Extract the lines from the first line of the records below through the line containing "and part a i = 0 beyond the length *)", inclusive, and reproduce them exactly as written.
= = =
(* Let $N\geqslant 1$. The map $\mathfrak{s}:\Lambda(N)\to\mathcal{S}(N)$, $(\mu,\nu)\mapsto[\mu+\bar{\nu},\nu_{1}]$, is a bijection.
   Context: A partition $\alpha=(\alpha_1\geqslant\alpha_2\geqslant\dots\geqslant\alpha_p>0)$ has length $\ell(\alpha)=p$; the empty partition $\varnothing$ has length $0$; set $\alpha_i=0$ for $i>\ell(\alpha)$, and for partitions $\alpha,\beta$ let $\alpha+\beta$ be the partition with parts $\alpha_i+\beta_i$. $\alpha'$ denotes the conjugate (transposed) partition. $\mathcal{P}(N)$ is the set of partitions with at most $N$ parts, and $\Lambda(N)$ is the set of pairs $(\mu,\nu)$ of partitions with $\ell(\mu)+\ell(\nu)\leqslant N$. $\mathcal{S}(N)$ is the set of equivalence classes $[\alpha,t]$ of $\mathcal{P}(N)\times\mathbb{Z}_{\geqslant 0}$ under the relation $(\alpha,t)\sim(\beta,u)$ iff $t-u=\alpha_i-\beta_i$ for all $i=1,\dots,N$. For nonempty $\beta\in\mathcal{P}(N)$ with $q=\ell(\beta')=\beta_1$, define $\bar\beta=(N-\beta'_q,\dots,N-\beta'_1)'$ (zero entries discarded), i.e. the complement of $\beta$ in the $N\times q$ rectangle rotated by $180^\circ$; set $\bar\varnothing=\varnothing$. *)

From mathcomp Require Import all_boot all_order all_algebra.
Set Implicit Arguments. Unset Strict Implicit. Unset Printing Implicit Defensive.
Import GRing.Theory Num.Theory.

Definition is_partition (a : seq nat) : bool :=
  sorted geq a && all (fun x => 0 < x) a.

(* alpha_i (1-based) = part a i.+1 ... we use 0-based: part a i = alpha_{i+1},
   and part a i = 0 beyond the length *)
Definition part (a : seq nat) (i : nat) : nat := nth 0 a i.

Definition conjp (a : seq nat) : seq nat :=
  [seq count (fun x => j < x) a | j <- iota 0 (head 0 a)].

Definition addp (a b : seq nat) : seq nat :=
  mkseq (fun i => part a i + part b i) (maxn (size a) (size b)).

Definition inP (N : nat) (a : seq nat) : bool :=
  is_partition a && (size a <= N).

Definition inLambda (N : nat) (mu nu : seq nat) : bool :=
  [&& is_partition mu, is_partition nu & size mu + size nu <= N].

(* bar beta = (N - beta'_q, ..., N - beta'_1)' (zero entries discarded);
   for beta empty this gives the empty partition. *)
Definition barp (N : nat) (b : seq nat) : seq nat :=
  conjp (filter (fun x => 0 < x) (rev [seq N - x | x <- conjp b])).

(* the equivalence on P(N) x Z_{>=0} defining S(N) *)
Definition Sequiv (N : nat) (x y : seq nat * nat) : Prop :=
  forall i, i < N ->
    (x.2%:Z - y.2%:Z = (part x.1 i)%:Z - (part y.1 i)%:Z)%R.

Definition sfun (N : nat) (mu nu : seq nat) : seq nat * nat :=
  (addp mu (barp N nu), part nu 0).

From mathcomp Require Import all_boot all_order all_algebra zify.
Set Implicit Arguments. Unset Strict Implicit.

(* For i < N the (i+1)-th part of mu + bar nu is mu_(i+1) + nu_1 - nu_(N-i).
   As l(mu) + l(nu) <= N, at most one of mu_(i+1) and nu_(N-i) is nonzero, so
   with t = nu_1 they are the positive and negative parts of a_(i+1) - t, where
   a = mu + bar nu.  These differences are exactly the invariants of the class
   [a, t], which gives injectivity; reading the positive and negative parts off
   an arbitrary representative (a, t) produces the preimage. *)

Definition antitone (s : seq nat) := forall i, nth 0 s i.+1 <= nth 0 s i.

Lemma antitone_nth_le s i j : antitone s -> i <= j -> nth 0 s j <= nth 0 s i.
Proof.
move=> s_anti /subnK <-; elim: (j - i) => [|k IHk] //=.
by rewrite addSn; apply: leq_trans (s_anti _) IHk.
Qed.

Lemma sorted_geq_antitone s : sorted geq s <-> antitone s.
Proof.
split=> [/(sortedP 0) s_sorted i | s_anti]; last first.
  by apply/(sortedP 0) => i _; apply: s_anti.
have [lt_i1_s | le_s_i1] := ltnP i.+1 (size s); first exact: s_sorted.
by rewrite nth_default.
Qed.

Lemma is_partitionP a :
  is_partition a <-> antitone a /\ (forall i, (0 < part a i) = (i < size a)).
Proof.
rewrite /is_partition /part -sorted_geq_antitone; split.
  move=> /andP[a_sorted a_pos]; split=> // i.
  have [lt_i_a | le_a_i] := ltnP i (size a); last by rewrite nth_default.
  exact: (all_nthP 0 a_pos).
by move=> [a_sorted a_pos]; rewrite a_sorted; apply/(all_nthP 0) => i; rewrite a_pos.
Qed.

Lemma partition_eq a b : is_partition a -> is_partition b ->
  (forall i, part a i = part b i) -> a = b.
Proof.
move=> /is_partitionP[_ a_pos] /is_partitionP[_ b_pos] eq_ab.
have size_ab : size a = size b.
  have := a_pos (size b); have := a_pos (size a).
  by rewrite !eq_ab !b_pos ltnn; lia.
by apply: (eq_from_nth (x0 := 0) size_ab) => i _; apply: eq_ab.
Qed.

Lemma partition_eq_lt N a b : is_partition a -> is_partition b ->
  size a <= N -> size b <= N -> (forall i, i < N -> part a i = part b i) -> a = b.
Proof.
move=> a_part b_part a_N b_N eq_ab; apply: partition_eq => // i.
have [/eq_ab // | le_N_i] := ltnP i N.
by rewrite /part !nth_default //; lia.
Qed.

Lemma ltn_nth_count s j k : antitone s ->
  (j < nth 0 s k) = (k < count (fun x => j < x) s).
Proof.
elim: s k => [|x s IHs] k s_anti /=; first by rewrite nth_nil.
have s'_anti : antitone s by move=> i; apply: (s_anti i.+1).
have s_le_x i : nth 0 s i <= x by apply: (antitone_nth_le (i := 0) (j := i.+1) s_anti).
have [lt_j_x | le_x_j] /= := ltnP j x.
  by case: k => [|k] //=; rewrite IHs.
have -> : count (fun x => j < x) s = 0.
  apply/eqP; rewrite -leqn0 leqNgt -has_count; apply/(has_nthP 0) => -[i _].
  by rewrite ltnNge (leq_trans (s_le_x i) le_x_j).
by case: k => [|k]; apply/negbTE; rewrite -leqNgt // (leq_trans (s_le_x k)).
Qed.

Lemma nth_mkseq_dflt (T : Type) (x0 : T) f n i :
  nth x0 (mkseq f n) i = if i < n then f i else x0.
Proof.
by have [/(nth_mkseq x0 f)-> // | le_n_i] := ltnP i n; rewrite nth_default ?size_mkseq.
Qed.

Definition shiftp j (s : seq nat) : seq nat :=
  mkseq (fun k => nth 0 s k - j) (count (fun x => j < x) s).

Lemma part_shiftp j s k : antitone s -> part (shiftp j s) k = nth 0 s k - j.
Proof.
move=> s_anti; rewrite /shiftp /part.
have [lt_k | le_k] := ltnP k (count (fun x => j < x) s); first by rewrite nth_mkseq.
rewrite nth_default ?size_mkseq //.
by apply/esym/eqP; rewrite subn_eq0 leqNgt ltn_nth_count // -leqNgt.
Qed.

Lemma shiftp_partition j s : antitone s -> is_partition (shiftp j s).
Proof.
move=> s_anti; apply/is_partitionP; split=> [k|k].
  have := part_shiftp j k.+1 s_anti; have := part_shiftp j k s_anti.
  by rewrite /part => -> ->; apply: leq_sub2r.
by rewrite part_shiftp // /shiftp size_mkseq -ltn_nth_count // subn_gt0.
Qed.

Lemma part_conjp a j : antitone a -> part (conjp a) j = count (fun x => j < x) a.
Proof.
move=> a_anti; rewrite /part /conjp.
have [lt_j | le_j] := ltnP j (head 0 a); first by rewrite (nth_map 0) ?size_iota // nth_iota.
rewrite nth_default ?size_map ?size_iota //; apply/esym/eqP; rewrite -leqn0 leqNgt.
by rewrite -ltn_nth_count // -leqNgt; case: a a_anti le_j.
Qed.

Lemma antitone_conjp a : antitone a -> antitone (conjp a).
Proof.
move=> a_anti j; rewrite -!/(part _ _) !part_conjp //.
by apply: sub_count => x /= /ltnW.
Qed.

Lemma conjp_partition a : antitone a -> is_partition (conjp a).
Proof.
move=> a_anti; apply/is_partitionP; split; first exact: antitone_conjp.
move=> j; rewrite part_conjp // /conjp size_map size_iota.
by rewrite -ltn_nth_count //; case: a a_anti.
Qed.

Definition barp_conj N (b : seq nat) : seq nat :=
  filter (fun x => 0 < x) (rev [seq N - x | x <- conjp b]).

Lemma antitone_barp_conj N b : antitone b -> antitone (barp_conj N b).
Proof.
move=> b_anti; apply/sorted_geq_antitone/sorted_filter; first exact: rev_trans leq_trans.
rewrite rev_sorted sorted_map.
apply: sub_sorted (proj2 (sorted_geq_antitone _) (antitone_conjp b_anti)).
by move=> x y /= /leq_sub2l.
Qed.

Lemma barp_partition N b : antitone b -> is_partition (barp N b).
Proof. by move=> b_anti; apply/conjp_partition/antitone_barp_conj. Qed.

Lemma size_barp N b : size (barp N b) <= N.
Proof.
rewrite /barp size_map size_iota -/(barp_conj N b).
have : all (fun x => x <= N) (barp_conj N b).
  apply/allP => x; rewrite mem_filter mem_rev => /andP[_ /mapP[y _ ->]].
  exact: leq_subr.
by case: (barp_conj N b) => [|x s] //= /andP[].
Qed.

Lemma count_iota_geq m q : m <= q -> count (fun j => m <= j) (iota 0 q) = q - m.
Proof.
move=> /subnK <-; rewrite addnK addnC iotaD count_cat add0n.
rewrite (@eq_in_count _ _ pred0 (iota 0 m)) ?count_pred0; last first.
  by move=> x; rewrite mem_iota /=; lia.
rewrite (@eq_in_count _ _ predT) ?count_predT ?size_iota //.
by move=> x; rewrite mem_iota /=; lia.
Qed.

(* The i-th row of bar b has length b_1 - b_(N-i): the complement of the
   (N-i)-th row of b in the N x b_1 rectangle, read after a half-turn. *)
Lemma part_barp N b i : is_partition b -> size b <= N -> i < N ->
  part (barp N b) i = part b 0 - part b (N - i.+1).
Proof.
move=> /is_partitionP[b_anti _] b_N lt_i_N.
rewrite /barp part_conjp ?count_filter; last exact: antitone_barp_conj.
rewrite (@eq_count _ _ (fun x => i < x)); last first.
  by move=> x /=; case: (ltnP i x) => //= lt_i_x; apply: leq_ltn_trans lt_i_x.
rewrite count_rev count_map /conjp count_map.
have -> : head 0 b = part b 0 by case: b {b_anti b_N}.
rewrite -(count_iota_geq (m := part b (N - i.+1))); last exact: antitone_nth_le.
apply: eq_count => j /=.
rewrite /part [in RHS]leqNgt ltn_nth_count //.
by apply/idP/idP; lia.
Qed.

Lemma part_addp a b i : part (addp a b) i = part a i + part b i.
Proof.
rewrite /addp /part nth_mkseq_dflt; case: ltnP => // le_ab_i.
by rewrite !nth_default //; lia.
Qed.

Lemma addp_partition a b : is_partition a -> is_partition b -> is_partition (addp a b).
Proof.
move=> /is_partitionP[a_anti a_pos] /is_partitionP[b_anti b_pos].
apply/is_partitionP; split=> i; rewrite -?/(part _ _) !part_addp.
  exact: leq_add (a_anti i) (b_anti i).
by rewrite /addp size_mkseq addn_gt0 a_pos b_pos; lia.
Qed.

Lemma part_sfun N mu nu i : inLambda N mu nu -> i < N ->
  part (sfun N mu nu).1 i = part mu i + (part nu 0 - part nu (N - i.+1)).
Proof. by move=> /and3P[_ nu_part nu_N] lt_i_N; rewrite part_addp part_barp //; lia. Qed.

Lemma inLambda_disjoint N mu nu i : inLambda N mu nu -> i < N ->
  part mu i = 0 \/ part nu (N - i.+1) = 0.
Proof.
move=> /and3P[_ _ size_N] lt_i_N; have [le_mu_i | lt_i_mu] := leqP (size mu) i.
  by left; rewrite /part nth_default.
by right; rewrite /part nth_default //; lia.
Qed.

Lemma sfun_recover N mu nu i : inLambda N mu nu -> i < N ->
  part mu i = part (sfun N mu nu).1 i - (sfun N mu nu).2 /\
  part nu (N - i.+1) = (sfun N mu nu).2 - part (sfun N mu nu).1 i.
Proof.
move=> mu_nu lt_i_N; rewrite part_sfun //; change (sfun N mu nu).2 with (part nu 0).
have := inLambda_disjoint mu_nu lt_i_N.
have : part nu (N - i.+1) <= part nu 0.
  by case/and3P: mu_nu => _ /is_partitionP[nu_anti _] _; apply: antitone_nth_le.
by lia.
Qed.

Lemma Sequiv_subn N x y i : Sequiv N x y -> i < N ->
  part x.1 i - x.2 = part y.1 i - y.2 /\ x.2 - part x.1 i = y.2 - part y.1 i.
Proof. by move=> /(_ i) xy /xy; lia. Qed.

Lemma sfun_inP N mu nu : inLambda N mu nu -> inP N (sfun N mu nu).1.
Proof.
move=> /and3P[mu_part nu_part size_N]; rewrite /inP addp_partition ?barp_partition //=;
  last by case/is_partitionP: nu_part.
by rewrite /addp size_mkseq geq_max size_barp andbT; lia.
Qed.

Lemma sfun_inj N mu nu mu' nu' : inLambda N mu nu -> inLambda N mu' nu' ->
  Sequiv N (sfun N mu nu) (sfun N mu' nu') -> mu = mu' /\ nu = nu'.
Proof.
move=> mu_nu mu_nu' equiv.
have recover i : i < N -> part mu i = part mu' i /\ part nu (N - i.+1) = part nu' (N - i.+1).
  move=> lt_i_N; have [-> ->] := sfun_recover mu_nu lt_i_N.
  by have [-> ->] := sfun_recover mu_nu' lt_i_N; apply: Sequiv_subn equiv lt_i_N.
case/and3P: mu_nu => mu_part nu_part size_N.
case/and3P: mu_nu' => mu'_part nu'_part size'_N.
split; apply: (partition_eq_lt (N := N)) => //; try lia.
  by move=> i /recover[].
move=> k lt_k_N; have [_] := recover (N - k.+1) (ltac:(lia)).
by have -> : N - (N - k.+1).+1 = k by lia.
Qed.

Definition preimage_mu (t : nat) (a : seq nat) : seq nat := shiftp t a.

Definition preimage_nu N (t : nat) (a : seq nat) : seq nat :=
  shiftp 0 (mkseq (fun k => t - part a (N - k.+1)) N).

Lemma antitone_preimage_nu_rows N t a : antitone a ->
  antitone (mkseq (fun k => t - part a (N - k.+1)) N).
Proof.
move=> a_anti k; rewrite !nth_mkseq_dflt; case: ifP => // lt_k1_N.
by rewrite ifT; [apply/leq_sub2l/antitone_nth_le => //; lia | lia].
Qed.

Lemma part_preimage_nu N t a k : antitone a ->
  part (preimage_nu N t a) k = if k < N then t - part a (N - k.+1) else 0.
Proof.
by move=> a_anti; rewrite part_shiftp ?subn0 ?nth_mkseq_dflt //; apply: antitone_preimage_nu_rows.
Qed.

Lemma preimage_inLambda N t a : inP N a ->
  inLambda N (preimage_mu t a) (preimage_nu N t a).
Proof.
move=> /andP[a_part size_a]; have /is_partitionP[a_anti a_pos] := a_part.
have mu_part : is_partition (preimage_mu t a) by apply: shiftp_partition.
have nu_part : is_partition (preimage_nu N t a).
  exact/shiftp_partition/antitone_preimage_nu_rows.
rewrite /inLambda mu_part nu_part /=.
have /is_partitionP[_ mu_pos] := mu_part; have /is_partitionP[_ nu_pos] := nu_part.
set m := size (preimage_mu t a); set n := size (preimage_nu N t a).
have m_N : m <= N.
  by rewrite leqNgt -mu_pos /preimage_mu part_shiftp // nth_default //; lia.
have n_N : n <= N by rewrite leqNgt -nu_pos part_preimage_nu // ltnn.
rewrite leqNgt; apply/negP => lt_N_mn.
have : 0 < part (preimage_mu t a) m.-1 by rewrite mu_pos; lia.
have : 0 < part (preimage_nu N t a) n.-1 by rewrite nu_pos; lia.
rewrite part_preimage_nu // ifT; last by lia.
rewrite /preimage_mu part_shiftp // -/(part _ _).
have : part a m.-1 <= part a (N - n.-1.+1) by apply: (antitone_nth_le a_anti); lia.
lia.
Qed.

Lemma preimage_Sequiv N t a : 1 <= N -> inP N a ->
  Sequiv N (sfun N (preimage_mu t a) (preimage_nu N t a)) (a, t).
Proof.
move=> N_gt0 a_inP i lt_i_N; have mu_nu := preimage_inLambda t a_inP.
have /andP[/is_partitionP[a_anti _] _] := a_inP.
rewrite part_sfun //; change (a, t).1 with a; change (a, t).2 with t.
change (sfun N _ (preimage_nu N t a)).2 with (part (preimage_nu N t a) 0).
rewrite /preimage_mu part_shiftp // !part_preimage_nu // N_gt0 ifT; last by lia.
have -> : N - (N - i.+1).+1 = i by lia.
have : part a (N - 1) <= part a i by apply: (antitone_nth_le a_anti); lia.
by rewrite /part; lia.
Qed.

Theorem lemma1p1 (N : nat) : 1 <= N ->
  (forall mu nu, inLambda N mu nu -> inP N (sfun N mu nu).1) /\
  (forall mu nu mu' nu', inLambda N mu nu -> inLambda N mu' nu' ->
     Sequiv N (sfun N mu nu) (sfun N mu' nu') -> mu = mu' /\ nu = nu') /\
  (forall (a : seq nat) (t : nat), inP N a ->
     exists mu nu, inLambda N mu nu /\ Sequiv N (sfun N mu nu) (a, t)).
Proof.
move=> N_gt0; split; first exact: sfun_inP.
split; first exact: sfun_inj.
move=> a t a_inP; exists (preimage_mu t a), (preimage_nu N t a).
by split; [apply: preimage_inLambda | apply: preimage_Sequiv].
Qed.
= = =
• **Result**
(* Let $N\geqslant 1$. The map $\mathfrak{s}:\Lambda(N)\to\mathcal{S}(N)$, $(\mu,\nu)\mapsto[\mu+\bar{\nu},\nu_{1}]$, is a bijection.
   Context: A partition $\alpha=(\alpha_1\geqslant\alpha_2\geqslant\dots\geqslant\alpha_p>0)$ has length $\ell(\alpha)=p$; the empty partition $\varnothing$ has length $0$; set $\alpha_i=0$ for $i>\ell(\alpha)$, and for partitions $\alpha,\beta$ let $\alpha+\beta$ be the partition with parts $\alpha_i+\beta_i$. $\alpha'$ denotes the conjugate (transposed) partition. $\mathcal{P}(N)$ is the set of partitions with at most $N$ parts, and $\Lambda(N)$ is the set of pairs $(\mu,\nu)$ of partitions with $\ell(\mu)+\ell(\nu)\leqslant N$. $\mathcal{S}(N)$ is the set of equivalence classes $[\alpha,t]$ of $\mathcal{P}(N)\times\mathbb{Z}_{\geqslant 0}$ under the relation $(\alpha,t)\sim(\beta,u)$ iff $t-u=\alpha_i-\beta_i$ for all $i=1,\dots,N$. For nonempty $\beta\in\mathcal{P}(N)$ with $q=\ell(\beta')=\beta_1$, define $\bar\beta=(N-\beta'_q,\dots,N-\beta'_1)'$ (zero entries discarded), i.e. the complement of $\beta$ in the $N\times q$ rectangle rotated by $180^\circ$; set $\bar\varnothing=\varnothing$. *)

From mathcomp Require Import all_boot all_order all_algebra.
Set Implicit Arguments. Unset Strict Implicit. Unset Printing Implicit Defensive.
Import GRing.Theory Num.Theory.

Definition is_partition (a : seq nat) : bool :=
  sorted geq a && all (fun x => 0 < x) a.

(* alpha_i (1-based) = part a i.+1 ... we use 0-based: part a i = alpha_{i+1},
   and part a i = 0 beyond the length *)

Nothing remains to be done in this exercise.